Pressions sur la RTU en France

Les recommandations de l’OMS sur la PrEP viennent à la suite des recommandations américaines pour soutenir une mise à disposition rapide et large de la PrEP. Dans un communiqué (15 juillet), l’association française Warning avance même l’idée que la "prise de position de l’OMS place désormais les autorités françaises dans une quasi obligation d’organiser le libre accès à la PrEP. Tout retard supplémentaire se traduirait par une perte de chance en matière de prévention, dont l’Etat serait responsable", affirme l’association qui, comme AIDES a demandé l’ouverture d’une recommandation temporaire d’utilisation (RTU) pour la prise de Truvada dans une stratégie de PrEP. Cette demande est, depuis plusieurs mois, à l’examen à l’Agence nationale de sécurité du médicament et des produits de santé (ANSM). "Le temps des tergiversations est donc dépassé et le ministère de la Santé doit maintenant appliquer ces recommandations de l’OMS. Il y a, chaque année, près de 6 000 nouvelles infections au VIH en France", indique Warning. "Le libre accès à la prophylaxie pré-exposition du VIH en France ne se résume pas à une simple question scientifique, c’est désormais un problème politique.

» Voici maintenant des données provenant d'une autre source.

Lemma sigma_eigen_iter (x : Gamma -> V) (r : F) : sigma x = r *: x ->
  forall n b, r ^+ n *: x b = orbit_prod n b *: x (iter n phi b).
Proof.
move=> ex n b.
exact: (eigen_eq_iter (S := setT)) (fun _ _ => I) (fun b _ => sigma_eigenE ex b) n b I.
Qed.

Lemma sigma_eigen_step (x : Gamma -> V) (r : F) b : sigma x = r *: x -> r != 0 ->
  x b != 0 -> w b != 0 /\ x (phi b) != 0.
Proof.
move=> ex r0 xb0; have : r *: x b != 0 by rewrite scaler_eq0 negb_or r0.
by rewrite -(sigma_eigenE ex) scaler_eq0 negb_or => /andP.
Qed.

Lemma Eigen_sigma_of_invariant (S : set Gamma) (y : Gamma -> V) (r : F) b0 :
  r != 0 -> (forall b, S b -> S (phi b)) ->
  (forall b, S b -> w b *: y (phi b) = r *: y b) ->
  S b0 -> y b0 != 0 -> Eigen sigma r.
Proof.
move=> r0 Sphi yS Sb0 yb0.
pose ext b k : V := (r^-1 ^+ k * orbit_prod k b) *: y (iter k phi b).
have ext_shift b k d : S (iter k phi b) -> ext b (k + d)%N = ext b k.
  move=> Sk; set c := iter k phi b.
  have back : (r^-1 ^+ d * orbit_prod d c) *: y (iter d phi c) = y c.
    by rewrite -scalerA -(eigen_eq_iter Sphi yS d Sk) scalerA -exprMn mulVf // expr1n scale1r.
  by rewrite /ext orbit_prodD exprD [(k + d)%N]addnC iterD mulrACA -[in LHS]scalerA back.
have ext_const b k l : S (iter k phi b) -> S (iter l phi b) -> ext b k = ext b l.
  wlog kl : k l / (k <= l)%N.
    move=> W Sk Sl; case: (leqP k l) => kl; first exact: W.
    by rewrite (W l k (ltnW kl) Sl Sk).
  by move=> Sk _; rewrite -(subnKC kl) ext_shift.
pose hits b := [set k | S (iter k phi b)].
pose x b : V := if `[< exists k, hits b k >] then ext b (xget 0%N (hits b)) else 0.
have xE b k : S (iter k phi b) -> x b = ext b k.
  move=> Sk; have hb : exists k, hits b k by exists k.
  by rewrite /x (asboolT hb); apply: ext_const (xgetPex 0%N hb) Sk.
exists x; split.
  move/(congr1 (fun g => g b0)); rewrite (xE b0 0%N Sb0) /ext expr0 orbit_prod0 mul1r scale1r.
  by move/eqP; rewrite (negbTE yb0).
apply: funext => b; rewrite /sigma_op scalrfctE.
have [[k Sk]|nhb] := pselect (exists k, hits b k); last first.
  rewrite /x !asboolF ?scaler0 // => -[k Sk]; apply: nhb.
  by exists k.+1; move: Sk; rewrite /hits /= -iterS iterSr.
have Sk1 : S (iter k phi (phi b)) by rewrite -iterSr iterS; apply: Sphi.
rewrite (xE _ _ Sk1) (xE b k.+1) /ext ?iterSr // !scalerA.
by congr (_ *: _); rewrite orbit_prodSl exprS -mulrA mulVKf // mulrCA.
Qed.

Definition orbit_coef (r : F) (a : Gamma) (m : nat) : F := r ^+ m / orbit_prod m a.

Lemma Eigen_sigma_of_orbit (r : F) a (v : V) :
  r != 0 -> v != 0 -> ~ downZ phi w a ->
  (forall m n, iter m phi a = iter n phi a -> orbit_coef r a m = orbit_coef r a n) ->
  Eigen sigma r.
Proof.
move=> r0 v0 nZa coef_const.
pose S b := exists m, iter m phi a = b.
pose index_of b := [set m | iter m phi a = b].
pose y b : V := orbit_coef r a (xget 0%N (index_of b)) *: v.
have yE m : y (iter m phi a) = orbit_coef r a m *: v.
  have hm : exists n, index_of (iter m phi a) n by exists m.
  by rewrite /y; have /coef_const -> := xgetPex 0%N hm.
apply: (@Eigen_sigma_of_invariant S y r a) => //.
- by move=> _ [m <-]; exists m.+1.
- move=> _ [m <-]; rewrite -iterS !yE !scalerA; congr (_ *: _).
  rewrite /orbit_coef orbit_prodSr exprS invfM.
  have wm0 := notin_downZ_weight m nZa; have Wm0 := orbit_prod_neq0 m nZa.
  by field; rewrite wm0 Wm0.
- by exists 0%N.
- by rewrite (yE 0%N) /orbit_coef expr0 orbit_prod0 divr1 scale1r.
Qed.

Lemma Eigen_sigma_wandering (r : F) a (v : V) :
  r != 0 -> v != 0 -> wandering phi a -> ~ downZ phi w a -> Eigen sigma r.
Proof.
move=> r0 v0 wa nZa.
by apply: (Eigen_sigma_of_orbit r0 v0 nZa) => m n /(wandering_iter_inj wa) ->.
Qed.

Lemma orbit_coef_mod (r : F) a p : is_per phi a p -> r != 0 -> ~ downZ phi w a ->
  orbit_prod p a = r ^+ p -> forall m, orbit_coef r a m = orbit_coef r a (m %% p).
Proof.
move=> [_ pa _] r0 nZa cycle m.
have coef_shift n : orbit_coef r a (p + n) = orbit_coef r a n.
  rewrite /orbit_coef orbit_prodD pa cycle exprD invfM mulrACA mulfV ?mul1r //.
  exact: expf_neq0.
rewrite {1}(divn_eq m p); elim: (m %/ p)%N => [|q IHq]; first by rewrite add0n.
by rewrite mulSn -addnA coef_shift.
Qed.

Lemma Eigen_sigma_Mset (r : F) (v : V) : v != 0 -> Mset phi w r -> Eigen sigma r.
Proof.
move=> v0 [r0 [th [p [_ [nZth [per_th cycle]]]]]].
apply: (Eigen_sigma_of_orbit r0 v0 nZth) => m n /(iter_per_eq_mod per_th) mn.
have coef_mod := orbit_coef_mod per_th r0 nZth cycle.
by rewrite (coef_mod m) (coef_mod n) mn.
Qed.

Lemma Eigen_sigma_neq0_cases (r : F) : r != 0 -> Eigen sigma r ->
  (exists a, wandering phi a /\ ~ downZ phi w a) \/ Mset phi w r.
Proof.
move=> r0 [x [x0 ex]].
have [a xa0] : exists a, x a != 0.
  apply: contrapT => nx; apply: x0; apply: funext => a.
  by apply: contrapT => xa0; apply: nx; exists a; apply/eqP.
have x_orbit n : x (iter n phi a) != 0.
  by elim: n => [|n IHn] //=; have [] := sigma_eigen_step ex r0 IHn.
have nZa : ~ downZ phi w a.
  by move=> [n /eqP wn0]; have [] := sigma_eigen_step ex r0 (x_orbit n); rewrite wn0.
have [wa|nwa] := pselect (wandering phi a); first by left; exists a.
have [m per_th] := not_wandering_periodic nwa.
have [p per_p] := periodic_per per_th; have [_ pa _] := per_p.
right; split=> //; exists (iter m phi a), p; split=> //; split; first by move/downZ_iter.
split=> //; apply: (scalerIl (x_orbit m)).
by have := sigma_eigen_iter ex p (iter m phi a); rewrite pa => ->.
Qed.

Lemma Eigen_sigma0 (v : V) : v != 0 -> Eigen sigma 0 <-> ~ surj_off_Z phi w.
Proof.
move=> v0; split.
  move=> [x [x0 ex]] surj; apply: x0; apply: funext => b.
  have : [set: Gamma] b by [].
  rewrite surj => -[a /= wa0 <-].
  have := sigma_eigenE ex a; rewrite scale0r => /eqP; rewrite scaler_eq0.
  by case/orP => /eqP // wa; case: wa0.
move=> nsurj.
have /nonsubset [b0 [_ nb0]] : ~ [set: Gamma] `<=` phi @` (~` Zset w).
  by move=> sub; apply: nsurj; apply/seteqP; split.
pose x b : V := if `[< b = b0 >] then v else 0.
exists x; split.
  by move/(congr1 (fun g => g b0)); rewrite /x asboolT // => /eqP; rewrite (negbTE v0).
apply: funext => b; rewrite /sigma_op scalrfctE scale0r.
have [pb|npb] := pselect (phi b = b0); last by rewrite /x asboolF // scaler0.
suff -> : w b = 0 by rewrite scale0r.
by apply: contrapT => wb0; apply: nb0; exists b.
Qed.

Lemma Eigen_sigmaE (v : V) : v != 0 -> Eigen sigma =
  [set r | (r = 0 /\ ~ surj_off_Z phi w) \/
           (r != 0 /\ ((exists a, wandering phi a /\ ~ downZ phi w a) \/ Mset phi w r))].
Proof.
move=> v0; apply/seteqP; split => r /=.
  have [-> /(Eigen_sigma0 v0)|r0 Er] := eqVneq r 0; first by left.
  by right; split => //; apply: Eigen_sigma_neq0_cases.
case=> [[-> nsurj]|[r0 [[a [wa nZa]]|Mr]]].
- exact/(Eigen_sigma0 v0).
- exact: Eigen_sigma_wandering r0 v0 wa nZa.
- exact: Eigen_sigma_Mset v0 Mr.
Qed.

End WeightedShift.

Unset Implicit Arguments. Set Strict Implicit.

Theorem theorem2p9 (F : fieldType) (V : lmodType F) (Gamma : Type)
  (phi : Gamma -> Gamma) (w : Gamma -> F)
  (hV : exists v : V, v != 0) (hGamma : inhabited Gamma) :
  let E := Eigen (@sigma_op F V Gamma phi w) in
  [/\ (~ (wandering phi `<=` downZ phi w) -> surj_off_Z phi w ->
         E = [set r | r != 0]),
      (~ (wandering phi `<=` downZ phi w) -> ~ surj_off_Z phi w ->
         E = [set: F]),
      (wandering phi `<=` downZ phi w -> surj_off_Z phi w ->
         E = Mset phi w) &
      (wandering phi `<=` downZ phi w -> ~ surj_off_Z phi w ->
         E = Mset phi w `|` [set 0])].
Proof.
move=> E; have [v v0] := hV; rewrite {}/E (Eigen_sigmaE phi w v0).
have wander_iff : ~ (wandering phi `<=` downZ phi w) <->
    exists a, wandering phi a /\ ~ downZ phi w a.
  split; first by move/nonsubset => [a [wa nZa]]; exists a.
  by move=> [a [wa nZa]] sub; apply/nZa/sub.
have M0 r : Mset phi w r -> r != 0 by case.
split=> [/wander_iff W surj|/wander_iff W nsurj|sub surj|sub nsurj];
  apply/seteqP; split=> r /=.
- by case=> [[_ /(_ surj)]|[]].
- by move=> r0; right; split=> //; left.
- by [].
- by move=> _; have [->|r0] := eqVneq r 0; [left | right; split=> //; left].
- by case=> [[_ /(_ surj)]|[r0 [/wander_iff /(_ sub)|]]].
- by move=> Mr; right; split; [exact: M0 | right].
- by case=> [[-> _]|[r0 [/wander_iff /(_ sub)|Mr]]]; [right | | left].
- by case=> [Mr|->]; [right; split; [exact: M0 | right] | left].
Qed.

Toutes les pistes doivent être envisagées afin de faire sauter les verrous qui bloquent ce dossier depuis deux ans. Si l’interpellation de la ministre de la Santé ne suffit pas, pour qu’elle se conforme aux recommandations de l’OMS, l’implication des députés et sénateurs s’impose sur un plan politique", conclut l’association qui indique qu’elle n’a "pas l’intention de lâcher ce dossier".

AIDES au front

Depuis plus de 18 mois, AIDES est au front. L’association a demandé que la PrEP soit accessible en France où "l'épidémie est particulièrement active parmi les homosexuels masculins". Cette demande a, bien entendu, été réitérée suite aux recommandations de l'OMS. Pour l’association, la prise de position de l'OMS, à quelques jours de l'ouverture de la Conférence de Melbourne, "n'a rien d'anodin". L’association se félicite que l'OMS vienne "conforter (son) plaidoyer pour la mise à disposition immédiate des antirétroviraux à titre préventif pour les groupes les plus exposés au VIH. C'est un pas de plus vers la généralisation de la prévention combinée, à savoir l'utilisation complémentaire du dépistage, du préservatif et des traitements préventifs et thérapeutiques pour endiguer l'épidémie", a-t-elle expliqué. Face à une épidémie particulièrement active en France parmi les homosexuels, AIDES rappelle que "ce nouvel outil permettrait d'éviter de nombreuses contaminations". Elle appelle "une nouvelle fois la ministre de la Santé à sortir de l’immobilisme", jugeant urgent de donner aux homosexuels l'accès au traitement préventif, via une recommandation temporaire d'utilisation (RTU). Cette procédure permet de délivrer un médicament pour une indication qui n'est pas autorisée en France. Le Truvada a une autorisation de mise sur le marché (AMM) pour le traitement des personnes vivant avec le VIH, mais n’est pas autorisé actuellement pour un usage préventif chez des personnes séronégatives, au contraire des Etats-Unis qui l'autorisent. La RTU bénéficierait aux personnes les plus exposées et n’ayant pas accès aux essais cliniques.